FIG. 1 illustrates a schematic diagram of an example system for positioning of downhole tools;

FIG. 2 illustrates a graphical representation of a gamma ray log for a radiation detector;

FIG. 3 illustrates a schematic diagram of another example system for positioning of downhole tools;

FIG. 4 illustrates graphical representations of gamma ray logs for two radiation detectors;

FIG. 5 illustrates an exemplary method embodiment for positioning a downhole tool using a single radiation detector;

FIG. 6 illustrates an exemplary method embodiment for positioning a downhole tool using two radiation detectors; and

FIGS. 7A and 7B illustrate schematic diagrams of example computing systems for use with example system embodiments.

Various embodiments of the disclosure are discussed in detail below. While specific implementations are discussed, it should be understood that this is done for illustration purposes only. A person skilled in the relevant art will recognize that other components and configurations may be used without parting from the spirit and scope of the disclosure.

Additional features and advantages of the disclosure will be set forth in the description which follows, and in part will be obvious from the description, or can be learned by practice of the herein disclosed principles. The features and advantages of the disclosure can be realized and obtained by means of the instruments and combinations particularly pointed out in the appended claims. These and other features of the disclosure will become more fully apparent from the following description and appended claims, or can be learned by the practice of the principles set forth herein.

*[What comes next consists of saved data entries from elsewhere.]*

(* Let $K$ be a context, $N$ an embedded net, $\sigma_0$ a marking of state conditions, and suppose $K[N]$ is a non-interfering substitution from $\sigma_0$. Then every complete sequence $\pi$ of $K[N]$ from $(I(K[N]),\sigma_0)$ (i.e. a sequence of events from $(I(K[N]),\sigma_0)$ to $(T(K[N]),\sigma')$ for some $\sigma'$) is of the form $\Pi_0\cdot(\Pi_1\cdot\Pi_0)^*$, where: (a) $\Pi_0$ ranges over sequences consisting of $K$-events all of whose markings (including the first and last) are $K$-markings; (b) $\Pi_1$ ranges over nonempty sequences of events (of either kind) all of whose markings are $N$-markings, in which no $K$-event has a pre- or postcondition in $P_i\cup P_t$, such that if $(C_N\cup C_K,\sigma)$ and $(C_N'\cup C_K',\sigma')$ are the initial and final markings of the sequence then $C_N=P_i$ and $C_N'=P_t$, and whose first and last events are both $N$-events.
   Context: Petri nets: an event $e$ has preconditions ${}^\bullet e$ and postconditions $e^\bullet$; events are identified with their pair $({}^\bullet e,e^\bullet)$. $e$ has concession in marking $M$ if ${}^\bullet e\subseteq M$ and $(M\setminus{}^\bullet e)\cap e^\bullet=\emptyset$; then $M\xrightarrow{e}M'=(M\setminus{}^\bullet e)\cup e^\bullet$. $e_1 I e_2$ (independence) iff $({}^\bullet e_1\cup e_1^\bullet)\cap({}^\bullet e_2\cup e_2^\bullet)=\emptyset$. A sequence $e_1\dots e_n$ from $M$ goes through markings $M=M_0\xrightarrow{e_1}M_1\cdots\xrightarrow{e_n}M_n$; these $M_j$ are its markings. A sequence $\pi$ from $M$ is of form $\Pi\cdot\Pi'$ if $\pi=\pi_1\cdot\pi_2$ (concatenation) with $\pi_1$ of form $\Pi$ from $M$ and $\pi_2$ of form $\Pi'$ from the marking reached by $\pi_1$; it is of form $\Pi^*$ if it is a finite concatenation (possibly empty) of sequences of form $\Pi$ in this sense. Conditions: a set $\mathcal C$ of control conditions with distinguished elements $\iota,\tau$ closed under injective constructors $1{:}c$, $2{:}c$, $(c,c')$ with disjoint images; a disjoint set $\mathcal S$ of state conditions. Markings are written $(C,\sigma)$, $C\subseteq\mathcal C,\sigma\subseteq\mathcal S$; ${}^Ce={}^\bullet e\cap\mathcal C$, $e^C=e^\bullet\cap\mathcal C$. An embedded net $N$: events $\mathrm{Ev}(N)$ over conditions $\mathcal C\cup\mathcal S$ and sets $I(N),T(N)\subseteq\mathcal C$. Control firing $C\xrightarrow{e}_{\mathcal C}C'$: ${}^Ce\subseteq C$, $(C\setminus{}^Ce)\cap e^C=\emptyset$, $C'=(C\setminus{}^Ce)\cup e^C$; control-reachability via events of the net. Standing assumption: all embedded nets satisfy $I(N),T(N)\neq\emptyset$; ${}^Ce,e^C\neq\emptyset$ for all events; $I(N)\cap T(N)=\emptyset$; ${}^Ce\cap T(N)=\emptyset$; and for all $C$ control-reachable from $I(N)$: $C\subseteq I(N)$ or $I(N)\subseteq C$ implies $C=I(N)$, and $C\subseteq T(N)$ or $T(N)\subseteq C$ implies $C=T(N)$. Tagging $1{:}C$, $1{:}e$ (tag control conditions only), similarly $2$. Gluing for $P\subseteq\mathcal C\times\mathcal C$: $P\triangleleft C=\{(c_1,c_2)\mid c_1\in C,(c_1,c_2)\in P\}\cup\{c_1\in C\mid\nexists c_2.(c_1,c_2)\in P\}$, $P\triangleright C=\{(c_1,c_2)\mid c_2\in C,(c_1,c_2)\in P\}\cup\{c_2\in C\mid\nexists c_1.(c_1,c_2)\in P\}$, applied to events on control conditions only. A context $K$ is an embedded net with a distinguished event $[-]$ whose pre/postconditions are control conditions, forming disjoint nonempty sets. $P_i=1{:}{}^\bullet[-]\times 2{:}I(N)$, $P_t=1{:}[-]^\bullet\times 2{:}T(N)$, $P=P_i\cup P_t$. $K[N]$ has events $P\triangleleft1{:}(\mathrm{Ev}(K)\setminus\{[-]\})\cup P\triangleright 2{:}\mathrm{Ev}(N)$, $I(K[N])=P\triangleleft1{:}I(K)$, $T(K[N])=P\triangleleft 1{:}T(K)$. $N$-events: $P\triangleright 2{:}e$, $e\in\mathrm{Ev}(N)$; $K$-events: $P\triangleleft1{:}e$, $e\in\mathrm{Ev}(K)\setminus\{[-]\}$. Standing assumption: no event of $K[N]$ is both a $K$-event and an $N$-event. A $K$-condition is $1{:}c_1$ with $c_1\in\mathcal C\setminus({}^\bullet[-]\cup[-]^\bullet)$; an $N$-internal condition is $2{:}c_2$ with $c_2\notin I(N)\cup T(N)$; an $N$-condition is an element of $P_i\cup P_t$ or an $N$-internal condition. A marking is written $(C_N\cup C_K,\sigma)$ with $C_N$ its $N$-conditions and $C_K$ its $K$-conditions. It is an $N$-marking if for all $a,a'\in{}^\bullet[-]$, $x,x'\in[-]^\bullet$, $i\in I(N)$, $t\in T(N)$: $(1{:}a,2{:}i)\in C_N\Rightarrow(1{:}a',2{:}i)\in C_N$ and $(1{:}x,2{:}t)\in C_N\Rightarrow(1{:}x',2{:}t)\in C_N$. It is a $K$-marking if it contains no $N$-internal condition and for all $a\in{}^\bullet[-]$, $x\in[-]^\bullet$, $i,i'\in I(N)$, $t,t'\in T(N)$: $(1{:}a,2{:}i)\in C_N\Rightarrow(1{:}a,2{:}i')\in C_N$ and $(1{:}x,2{:}t)\in C_N\Rightarrow(1{:}x,2{:}t')\in C_N$. A condition is internal to $N$ if it is $2{:}c_2$ with $c_2$ a pre- or postcondition of an event of $N$ not in $I(N)\cup T(N)$; $N$ is active in $M$ if $P_i\subseteq M$ or $M$ contains a condition internal to $N$. $K[N]$ is a non-interfering substitution from $\sigma_0$ if for every $M$ reachable from $(I(K[N]),\sigma_0)$: (1) $P_i\subseteq M$ implies $P_t\cap M=\emptyset$; (2) if $N$ is active in $M$, no $K$-event enabled in $M$ has a pre- or postcondition in $P_i\cup P_t$; (3) if $M\xrightarrow{e_1}M_1\xrightarrow{e_2}M'$, one of $e_1,e_2$ an $N$-event and the other a $K$-event, and $N$ active in $M$ and $M_1$, then $e_1Ie_2$. *)

From Stdlib Require Import List.
Import ListNotations.
Set Implicit Arguments.

(** Control conditions: an abstract set with distinguished iota, tau and
    injective constructors 1:c, 2:c, (c,c') with pairwise disjoint images. *)
Record CondStruct := {
  ctrl : Type;
  iota : ctrl;
  tau : ctrl;
  t1 : ctrl -> ctrl;
  t2 : ctrl -> ctrl;
  cpair : ctrl -> ctrl -> ctrl;
  t1_inj : forall x y, t1 x = t1 y -> x = y;
  t2_inj : forall x y, t2 x = t2 y -> x = y;
  cpair_inj : forall a b c d, cpair a b = cpair c d -> a = c /\ b = d;
  t1_t2 : forall x y, t1 x <> t2 y;
  t1_cpair : forall x y z, t1 x <> cpair y z;
  t2_cpair : forall x y z, t2 x <> cpair y z
}.

Section Nets.
Context {CS : CondStruct} {S : Type}.

(** Conditions = control conditions (inl) + state conditions (inr), disjoint. *)
Definition cond := (ctrl CS + S)%type.
Definition cset := ctrl CS -> Prop.
Definition marking := cond -> Prop.

(** An event is identified with its pair (preconditions, postconditions). *)
Record event := Event { pre : cond -> Prop; post : cond -> Prop }.

Definition ctl_pre (e : event) : cset := fun c => pre e (inl c).
Definition ctl_post (e : event) : cset := fun c => post e (inl c).

Definition subset (A B : cset) := forall c, A c -> B c.
Definition seteq (A B : cset) := forall c, A c <-> B c.

Definition concession (M : marking) (e : event) : Prop :=
  (forall x, pre e x -> M x) /\ (forall x, M x -> ~ pre e x -> ~ post e x).
Definition fire (M : marking) (e : event) : marking :=
  fun x => (M x /\ ~ pre e x) \/ post e x.
Definition indep (e1 e2 : event) : Prop :=
  forall x, (pre e1 x \/ post e1 x) -> (pre e2 x \/ post e2 x) -> False.

Record net := { Ev : event -> Prop; Ini : cset; Ter : cset }.

Definition cfire (C : cset) (e : event) (C' : cset) : Prop :=
  subset (ctl_pre e) C /\
  (forall c, C c -> ~ ctl_pre e c -> ~ ctl_post e c) /\
  (forall c, C' c <-> ((C c /\ ~ ctl_pre e c) \/ ctl_post e c)).

Inductive creach (N : net) : cset -> Prop :=
| creach0 : creach N (Ini N)
| creach_step : forall C e C', creach N C -> Ev N e -> cfire C e C' -> creach N C'.

Definition wf_net (N : net) : Prop :=
  (exists c, Ini N c) /\ (exists c, Ter N c) /\
  (forall e, Ev N e -> (exists c, ctl_pre e c) /\ (exists c, ctl_post e c)) /\
  (forall c, Ini N c -> Ter N c -> False) /\
  (forall e c, Ev N e -> ctl_pre e c -> Ter N c -> False) /\
  (forall C, creach N C -> (subset C (Ini N) \/ subset (Ini N) C) -> seteq C (Ini N)) /\
  (forall C, creach N C -> (subset C (Ter N) \/ subset (Ter N) C) -> seteq C (Ter N)).

Record ctx := { knet : net; hole : event }.

Definition wf_ctx (K : ctx) : Prop :=
  wf_net (knet K) /\ Ev (knet K) (hole K) /\
  (forall s, ~ pre (hole K) (inr s)) /\ (forall s, ~ post (hole K) (inr s)) /\
  (exists c, ctl_pre (hole K) c) /\ (exists c, ctl_post (hole K) c) /\
  (forall c, ctl_pre (hole K) c -> ctl_post (hole K) c -> False).

Definition liftc (g : cset -> cset) (X : cond -> Prop) : cond -> Prop :=
  fun x => match x with
           | inl c => g (fun c' => X (inl c')) c
           | inr s => X (inr s)
           end.
Definition map_ev (g : cset -> cset) (e : event) : event :=
  Event (liftc g (pre e)) (liftc g (post e)).

Definition tagc (f : ctrl CS -> ctrl CS) (X : cset) : cset :=
  fun c => exists c', c = f c' /\ X c'.

Definition glueL (P : ctrl CS -> ctrl CS -> Prop) (X : cset) : cset :=
  fun c => (exists c1 c2, c = cpair CS c1 c2 /\ X c1 /\ P c1 c2)
           \/ (X c /\ ~ exists c2, P c c2).
Definition glueR (P : ctrl CS -> ctrl CS -> Prop) (X : cset) : cset :=
  fun c => (exists c1 c2, c = cpair CS c1 c2 /\ X c2 /\ P c1 c2)
           \/ (X c /\ ~ exists c1, P c1 c).

Fixpoint run (E : event -> Prop) (M : marking) (l : list event) : Prop :=
  match l with
  | [] => True
  | e :: l' => E e /\ concession M e /\ run E (fire M e) l'
  end.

It will be appreciated that for simplicity and clarity of illustration, where appropriate, reference numerals have been repeated among the different figures to indicate corresponding or analogous elements. In addition, numerous specific details are set forth in order to provide a thorough understanding of the embodiments described herein. However, it will be understood by those of ordinary skill in the art that the embodiments described herein can be practiced without these specific details. In other instances, methods, procedures and components have not been described in detail so as not to obscure the related relevant feature being described. The drawings are not necessarily to scale and the proportions of certain parts may be exaggerated to better illustrate details and features. The description is not to be considered as limiting the scope of the embodiments described herein.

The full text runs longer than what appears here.